START DATASET EXTRACT

Lemma step_xor_coboundary f1 f2 s (g : pt -> bool) n : w n = w 0%nat ->
  (forall k, (k < n)%nat -> xorb (f1 (w k) (w (S k))) (f2 (w k) (w (S k))) =
     xorb (s (w k) (w (S k))) (xorb (g (w k)) (g (w (S k))))) ->
  xorb (step_xor f1 w n) (step_xor f2 w n) = step_xor s w n.
Proof.
  intros Hclosed H.
  rewrite <- step_xor_xorb,
    (step_xor_ext _ (fun u v => xorb (s u v) (xorb (g u) (g v))) _ H),
    step_xor_xorb, step_xor_telescope, Hclosed.
  now destruct (g (w 0%nat)), (step_xor s w n).
Qed.

End StepXor.

Definition walk (R : pt -> pt -> Prop) (w : nat -> pt) (n : nat) : Prop :=
  forall k, (k < n)%nat -> R (w k) (w (S k)).

Definition avoids (w : nat -> pt) (n : nat) (x : pt) : Prop :=
  forall k, (k <= n)%nat -> w k <> x.

Definition bounded (S : pset) : Prop :=
  exists M, forall x, S x -> Z.abs (fst x) <= M /\ Z.abs (snd x) <= M.

Definition winding_parity (w : nat -> pt) (n : nat) (q : pt) : bool :=
  step_xor (crosses q) w n.

Lemma bounded_finite S : bounded S -> finite_set S.
Proof.
  intros [M HM].
  set (range := map (fun k => - M + Z.of_nat k) (seq 0 (Z.to_nat (2 * M + 1)))).
  assert (Hrange : forall z, Z.abs z <= M -> In z range).
  { intros z Hz. apply in_map_iff. exists (Z.to_nat (z + M)).
    split; [lia|]. apply in_seq. lia. }
  exists (list_prod range range). intros [x1 x2] Hx.
  destruct (HM _ Hx). apply in_prod; auto.
Qed.

Lemma walk_bounded (w : nat -> pt) n :
  exists M, forall k, (k <= n)%nat -> Z.abs (fst (w k)) <= M /\ Z.abs (snd (w k)) <= M.
Proof.
  induction n as [|n [M HM]].
  - exists (Z.abs (fst (w 0%nat)) + Z.abs (snd (w 0%nat))). intros k Hk.
    replace k with 0%nat by lia. lia.
  - exists (M + Z.abs (fst (w (S n))) + Z.abs (snd (w (S n)))). intros k Hk.
    pose proof (HM 0%nat ltac:(lia)).
    destruct (Nat.eq_dec k (S n)) as [->|]; [lia|].
    specialize (HM k ltac:(lia)). lia.
Qed.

END DATASET EXTRACT

* [WHAT NEEDS TO BE DONE] Look through the entries above; find each line with the word "forall" and copy it.

* [ANSWER AREA]
  (forall k, (k < n)%nat -> xorb (f1 (w k) (w (S k))) (f2 (w k) (w (S k))) =
  forall k, (k < n)%nat -> R (w k) (w (S k)).
  forall k, (k <= n)%nat -> w k <> x.
  exists M, forall x, S x -> Z.abs (fst x) <= M /\ Z.abs (snd x) <= M.
  assert (Hrange : forall z, Z.abs z <= M -> In z range).
  exists M, forall k, (k <= n)%nat -> Z.abs (fst (w k)) <= M /\ Z.abs (snd (w k)) <= M.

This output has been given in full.